Some of the eleven chapters forming these parts include rigorous primary research. In particular, Young’s analysis of census data on nursing in Toronto highlights their high literacy rates from the 1860s, their age, ethnic groups and an examination of their social class, undertaken by looking at the occupations of the nurses’ families; she determines that the nurses were largely working class. Drees relies on numerous archival sources to elucidate the training of Aboriginal health workers. Elliott and Judith Bender Zelmanovits undertake extensive archival research and interviews.
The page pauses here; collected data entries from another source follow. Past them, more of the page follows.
(* Let $k\ge 2$ be even and $i\in\{1,\ldots,k-1\}$ such that $\binom{k}{i}$ and $\binom{k-1}{i}$ are both odd (so $i$ is even and $k-i+2\le k$). Then $\lambda_{k-i+2}-\lambda_{k-i}\equiv 2\pmod 4$.
   Context: For $0\le i\le k$ and $j=0,\ldots,k$ define $\lambda_j=\sum_{\ell=0}^{k-i}(-1)^\ell\binom{j}{\ell}\binom{k-j}{i-j+\ell}^2$, with the convention $\binom{a}{b}=0$ unless $0\le b\le a$; these are the eigenvalues of the graph $J(2k,k,i)$ on $k$-subsets of $\{1,\ldots,2k\}$ (adjacent iff intersection has size $i$). *)

From HB Require Import structures.
From mathcomp Require Import all_boot all_order all_algebra.
Set Implicit Arguments. Unset Strict Implicit. Unset Printing Implicit Defensive.
Import Order.TTheory GRing.Theory Num.Theory.
Local Open Scope ring_scope.

Definition zbinom (a : nat) (b : int) : int :=
  match b with
  | Posz n => ('C(a, n))%:Z
  | Negz _ => 0
  end.

(* lambda_j of J(2k,k,i):
   sum_{l=0}^{k-i} (-1)^l C(j,l) C(k-j, i-j+l)^2 *)
Definition lam (k i j : nat) : int :=
  \sum_(0 <= l < (k - i).+1)
     (-1) ^+ l * ('C(j, l))%:Z * (zbinom (k - j) (i%:Z - j%:Z + l%:Z)) ^+ 2.

From HB Require Import structures.
From mathcomp Require Import all_boot all_order all_algebra.
From mathcomp Require Import zify ring.
Import Order.TTheory GRing.Theory Num.Theory.

(* Modulo 4, lambda_j is the coefficient of X^(k-i) in (1 - X)^j G_(k-j), where
   G_c = sqbin c = sum_r C(c, r)^2 X^r.  Odd squares are 1 mod 4, so G_c has the
   parities of the C(c, r) as coefficients and 2 G_c = 2 (1 + X)^c.  Writing
   i = 2m + 2, the factor (1 - X)^2 relating the two lambdas is traded for
   1 - X^2, which maps G_(2m) to G_(2m+2) up to 2 borrow_poly m; the trade costs
   the term 2 X (1 + X)^(k-1), whose coefficient is 2 C(k-1, i) = 2.  The error
   term vanishes by Lucas' theorem: C(k, i) odd means k/2 - i/2 and i/2 share
   no binary digit. *)

Lemma odd_bin_double n r :
  odd 'C(n.*2, r.*2) = odd 'C(n, r) /\ odd 'C(n.*2, r.*2.+1) = false.
Proof.
elim: n r => [|n IHn] [|r]; rewrite ?bin0n ?bin0 ?bin1 ?odd_double //.
have [even_r odd_r] := IHn r; have [even_r1 odd_r1] := IHn r.+1.
rewrite !doubleS !binS -doubleS.
by rewrite !oddD even_r odd_r even_r1 odd_r1 /= addbF addbb.
Qed.

Lemma odd_bin_half n r : odd 'C(n, r) = (odd r ==> odd n) && odd 'C(n./2, r./2).
Proof.
rewrite -{1}(odd_double_half n) -{1}(odd_double_half r).
have [even_r odd_r] := odd_bin_double n./2 r./2.
case: (odd n); case: (odd r); rewrite /= ?add0n ?add1n ?even_r ?odd_r //.
  by rewrite binS oddD even_r odd_r.
case: r./2 => [|r']; first by rewrite bin0.
have [_ odd_r'] := odd_bin_double n./2 r'; have [even_r' _] := odd_bin_double n./2 r'.+1.
by rewrite doubleS binS oddD -doubleS even_r' odd_r' addbF.
Qed.

(* C(a + b, a) odd means a and b share no binary digit, and C(a, r), C(b, r)
   odd mean the digits of r occur in both. *)
Lemma odd_bin_disjoint a b r :
  odd 'C(a + b, a) -> odd 'C(a, r) -> odd 'C(b, r) -> r = 0.
Proof.
elim/ltn_ind: r a b => r IHr a b; rewrite !(odd_bin_half _ r) odd_bin_half oddD.
have [odd_r | even_r] := boolP (odd r).
  move=> /= /andP[carry_ab _] /andP[odd_a _] /andP[odd_b _].
  by rewrite odd_a odd_b in carry_ab.
move=> /= /andP[carry_ab half_ab] half_a half_b.
have no_carry : ~~ (odd a && odd b) by move: carry_ab; case: (odd a); case: (odd b).
rewrite halfD (negbTE no_carry) add0n in half_ab.
have [-> // | r_gt0] := posnP r.
have half_r0 : r./2 = 0.
  by apply: (IHr _ _ _ _ half_ab half_a half_b); rewrite -divn2 ltn_Pdiv.
by rewrite -(odd_double_half r) (negbTE even_r) half_r0.
Qed.

(* The coefficient of X^s in (1 - X^2) G_(2m) is [C(m, s/2) odd] - [C(m, s/2 - 1) odd]
   for even s; borrow m s marks where it is -1 rather than a parity bit. *)
Definition borrow (m s : nat) : bool :=
  ~~ odd s && ~~ odd 'C(m, s./2) && odd 'C(m, (s./2).-1).

Lemma odd_bin_borrow n m l :
  odd 'C(n + m.+1, m.+1) -> borrow m (n.*2 - l) -> ~~ odd 'C(n.*2, l).
Proof.
rewrite addnC => carry_free /andP[/andP[_ even_cur] odd_prev].
rewrite odd_bin_half odd_double implybF doubleK; apply/negP => /andP[even_l odd_half].
have l_le_n : l./2 <= n by rewrite leqNgt; apply: contraL odd_half => /bin_small ->.
have l_def : l = l./2.*2 by rewrite -{1}(odd_double_half l) (negbTE even_l).
rewrite l_def -doubleB doubleK in even_cur odd_prev.
have odd_bin_n : odd 'C(n, n - l./2) by rewrite bin_sub.
case: (n - l./2) even_cur odd_prev odd_bin_n => [|r]; first by rewrite bin0.
move=> even_cur odd_prev odd_bin_n; have odd_bin_m : odd 'C(m.+1, r.+1).
  by rewrite binS oddD (negbTE even_cur) odd_prev.
by have := odd_bin_disjoint _ _ _ carry_free odd_bin_m odd_bin_n.
Qed.

Local Open Scope ring_scope.

Lemma natr4_Z4 : 4%:R = 0 :> 'Z_4.
Proof. exact: pchar_Zp. Qed.

Lemma natr_sqr_Z4 x : (x ^ 2)%:R = (odd x)%:R :> 'Z_4.
Proof.
have -> : (x ^ 2 = odd x + 4 * (x./2 * (x./2 + odd x)))%N.
  by rewrite -{1}(odd_double_half x) -mul2n; case: (odd x) => /=; ring.
by rewrite natrD natrM natr4_Z4 mul0r addr0.
Qed.

Lemma natrM2_Z4 x : x%:R *+ 2 = (odd x)%:R *+ 2 :> 'Z_4.
Proof.
rewrite -{1}(odd_double_half x) natrD mulrnDl -[_ *+ 2 in X in _ + X]mulr_natr -natrM.
have -> : (x./2.*2 * 2 = x./2 * 4)%N by lia.
by rewrite natrM natr4_Z4 mulr0 addr0.
Qed.

Lemma opprM2_Z4 (x : 'Z_4) : (- x) *+ 2 = x *+ 2.
Proof.
by apply/eqP; rewrite mulNrn eq_sym -subr_eq0 opprK -mulrnDr -mulr_natr natr4_Z4 mulr0.
Qed.

Lemma subr_bool_Z4 (u v : bool) :
  u%:R - v%:R = (u (+) v)%:R + (~~ u && v)%:R *+ 2 :> 'Z_4.
Proof. by case: u; case: v; apply/val_inj. Qed.

Lemma intr_Z4_eq2 (z : int) : z%:~R = 2%:R :> 'Z_4 -> (z = 2 %[mod 4])%Z.
Proof.
have z4_ge0 : (0 <= z %% 4)%Z by apply: modz_ge0.
have z4_lt4 : (z %% 4 < 4)%Z by apply: ltz_pmod.
rewrite {1}(divz_eq z 4) intrD intrM [4%:~R]natr4_Z4 mulr0 add0r.
case: (z %% 4)%Z z4_ge0 z4_lt4 => [[|[|[|[|r]]]]|r] //= _ _ /(congr1 val).
Qed.

Lemma coef_1DXn (R : nzRingType) c r : ((1 + 'X) ^+ c : {poly R})`_r = 'C(c, r)%:R.
Proof.
elim: c r => [|c IHc] r; first by rewrite expr0 coef1 bin0n; case: r.
rewrite exprSr mulrDr mulr1 coefD coefMX IHc.
by case: r => [|r] /=; rewrite ?bin0 ?addr0 // IHc binS natrD addrC.
Qed.

Lemma coef_1BXn (R : nzRingType) c r :
  ((1 - 'X) ^+ c : {poly R})`_r = (-1) ^+ r * 'C(c, r)%:R.
Proof.
elim: c r => [|c IHc] r.
  by rewrite expr0 coef1 bin0n; case: r => [|r]; rewrite ?mul1r ?mulr0.
rewrite exprSr mulrBr mulr1 coefB coefMX IHc.
case: r => [|r] /=; first by rewrite !bin0 subr0.
by rewrite IHc binS natrD exprS mulN1r mulrDr !mulNr.
Qed.

Definition sqbin (c : nat) : {poly 'Z_4} := \poly_(r < c.+1) ('C(c, r) ^ 2)%:R.

Lemma coef_sqbin c r : (sqbin c)`_r = (odd 'C(c, r))%:R.
Proof.
by rewrite coef_poly -natr_sqr_Z4; case: ltnP => // c_lt_r; rewrite bin_small.
Qed.

Lemma mul2r_sqbin c : 2%:R * sqbin c = 2%:R * (1 + 'X) ^+ c.
Proof.
by apply/polyP => r; rewrite !mulr_natl !coefMn coef_sqbin coef_1DXn [RHS]natrM2_Z4.
Qed.

Lemma mul2r_1BXn c : 2%:R * (1 - 'X) ^+ c = 2%:R * (1 + 'X) ^+ c :> {poly 'Z_4}.
Proof.
apply/polyP => r; rewrite !mulr_natl !coefMn coef_1BXn coef_1DXn.
by rewrite -signr_odd; case: (odd r); rewrite ?mul1r ?mulN1r ?opprM2_Z4.
Qed.

Definition borrow_poly (m : nat) : {poly 'Z_4} := \poly_(s < m.*2.+3) (borrow m s)%:R.

Lemma coef_borrow_poly m s : (borrow_poly m)`_s = (borrow m s)%:R.
Proof.
rewrite coef_poly; case: ltnP => // s_large; rewrite /borrow.
have [//|even_s] := boolP (odd s); have := odd_double_half s.
by rewrite (negbTE even_s) add0n => s_def; rewrite (@bin_small m (s./2).-1) ?andbF //; lia.
Qed.

Lemma sqbin_double_step m :
  (1 - 'X^2) * sqbin m.*2 = sqbin m.+1.*2 + 2%:R * borrow_poly m.
Proof.
apply/polyP => s; rewrite mulrBl mul1r coefB coefXnM coefD mulr_natl coefMn.
rewrite coef_borrow_poly !coef_sqbin !(odd_bin_half _.*2) !odd_double !doubleK /borrow.
case: s => [|[|s]]; rewrite /= ?bin0 ?mul0rn ?subr0 ?addr0 // !subSS subn0 negbK.
by case: (odd s) => /=; rewrite ?mul0rn ?subr0 ?addr0 // binS oddD subr_bool_Z4.
Qed.

Lemma sqbin_shift n m :
  (1 - 'X) ^+ (n + 2) * sqbin m.*2 =
  (1 - 'X) ^+ n * sqbin m.+1.*2 + 2%:R * ('X * (1 + 'X) ^+ (n + m.*2).+1)
  + 2%:R * ((1 - 'X) ^+ n * borrow_poly m).
Proof.
have expand : (1 - 'X) ^+ (n + 2) =
    (1 - 'X) ^+ n * (1 - 'X^2) - 2%:R * 'X * (1 - 'X) ^+ n.+1 :> {poly 'Z_4}.
  by rewrite exprD [_ ^+ n.+1]exprSr; ring.
have neg2 : - 2%:R = 2%:R :> {poly 'Z_4}.
  by apply/eqP; rewrite -subr_eq0 -opprD -natrD -polyC_natr natr4_Z4 polyC0 oppr0.
have mod2 : - (2%:R * ((1 - 'X) ^+ n.+1 * sqbin m.*2)) =
    2%:R * (1 + 'X) ^+ (n + m.*2).+1.
  by rewrite -mulNr neg2 mulrCA mul2r_sqbin mulrCA mulrA mul2r_1BXn -mulrA -exprD addSn.
rewrite expand; transitivity ((1 - 'X) ^+ n * ((1 - 'X^2) * sqbin m.*2) +
  'X * - (2%:R * ((1 - 'X) ^+ n.+1 * sqbin m.*2))); first ring.
by rewrite sqbin_double_step mod2; ring.
Qed.

Lemma borrow_term_vanishes n m :
  odd 'C(n + m.+1, m.+1) -> ((1 - 'X) ^+ n.*2 * borrow_poly m)`_n.*2 *+ 2 = 0.
Proof.
move=> carry_free; rewrite coefM -sumrMnl; apply: big1 => l _.
rewrite coef_1BXn coef_borrow_poly.
case borrow_l: (borrow m (n.*2 - l)); last by rewrite mulr0 mul0rn.
have := odd_bin_borrow _ _ _ carry_free borrow_l.
by rewrite mulr1 -mulrnAr natrM2_Z4 => /negbTE ->; rewrite mul0rn mulr0.
Qed.

Lemma zbinom_sub c m l : (l <= m)%N -> zbinom c (c%:Z - m%:Z + l%:Z) = 'C(c, m - l)%:Z.
Proof.
move=> l_le_m; case def_b: (c%:Z - m%:Z + l%:Z) => [b|b] /=.
  have [-> le_ml_c] : b = (c - (m - l))%N /\ (m - l <= c)%N by lia.
  by rewrite bin_sub.
by rewrite bin_small //; lia.
Qed.

Lemma lam_coef k i j : (j <= k)%N -> (i <= k)%N ->
  (lam k i j)%:~R = ((1 - 'X) ^+ j * sqbin (k - j))`_(k - i) :> 'Z_4.
Proof.
move=> j_le_k i_le_k; rewrite /lam big_mkord coefM rmorph_sum.
apply: eq_bigr => -[l /= l_le] _.
have -> : i%:Z - j%:Z = (k - j)%:Z - (k - i)%:Z by lia.
rewrite zbinom_sub -1?ltnS // coef_1BXn coef_sqbin -natr_sqr_Z4.
by rewrite !rmorphM rmorphXn rmorphN1.
Qed.

Lemma coef_sqbin_shift n m : odd 'C(n.+1 + m.+1, m.+1) ->
  ((1 - 'X) ^+ (n.+1.*2 + 2) * sqbin m.*2)`_n.+1.*2
    - ((1 - 'X) ^+ n.+1.*2 * sqbin m.+1.*2)`_n.+1.*2
  = 'C((n.+1 + m.+1).*2.-1, m.+1.*2)%:R *+ 2.
Proof.
move=> carry_free; rewrite sqbin_shift !coefD !mulr_natl !coefMn.
rewrite borrow_term_vanishes // addr0 addrAC subrr add0r coefXM coef_1DXn /=.
have -> : (n.+1.*2 + m.*2).+1 = (n.+1 + m.+1).*2.-1 by lia.
have -> : n.*2.+1 = ((n.+1 + m.+1).*2.-1 - m.+1.*2)%N by lia.
by rewrite bin_sub //; lia.
Qed.

Theorem mainTheorem12 (k i : nat) :
  (2 <= k)%N -> ~~ odd k -> (1 <= i)%N -> (i <= k - 1)%N ->
  odd 'C(k, i) -> odd 'C(k - 1, i) ->
  ((lam k i (k - i + 2) - lam k i (k - i)) = 2 %[mod 4])%Z.
Proof.
move=> _ even_k i_gt0 i_lt_k + odd_bin_k1.
rewrite odd_bin_half (negbTE even_k) implybF => /andP[even_i].
have [m i_def] : exists m, i = m.+1.*2.
  by exists i./2.-1; rewrite -[LHS](odd_double_half i) (negbTE even_i); lia.
have [n k_def] : exists n, k = (n.+1 + m.+1).*2.
  by exists ((k - i)./2.-1); rewrite -[LHS](odd_double_half k) (negbTE even_k); lia.
subst k i; rewrite !doubleK => carry_free.
apply: intr_Z4_eq2; rewrite rmorphB /= !lam_coef; try lia.
have -> : ((n.+1 + m.+1).*2 - m.+1.*2 = n.+1.*2)%N by lia.
have -> : ((n.+1 + m.+1).*2 - (n.+1.*2 + 2) = m.*2)%N by lia.
have -> : ((n.+1 + m.+1).*2 - n.+1.*2 = m.+1.*2)%N by lia.
by rewrite coef_sqbin_shift // natrM2_Z4 -subn1 odd_bin_k1.
Qed.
The genre of the history of health care in places, and in particular of health in the rural North, is expanding with two volumes published by Pickering and Chatto in 2011, which both include substantial contributions on Canada – J.T.H. Connor and Stephan Curtis (eds), Medicine in the Remote and Rural North, 1800–2000 (London, 2011) and Erika Dyck and Christopher Fletcher (eds), Locating Health: Historical and Anthropological Investigations of Place and Health (London, 2011). Published prior to these volumes, Caregiving on the Periphery is a very worthwhile contribution to this literature. The book addresses the ethnic and cultural breadth of nursing and midwifery in Canada from the early nineteenth century to the late twentieth century, whilst remaining a coherent volume with many of the authors referencing the relevance of each other’s chapters.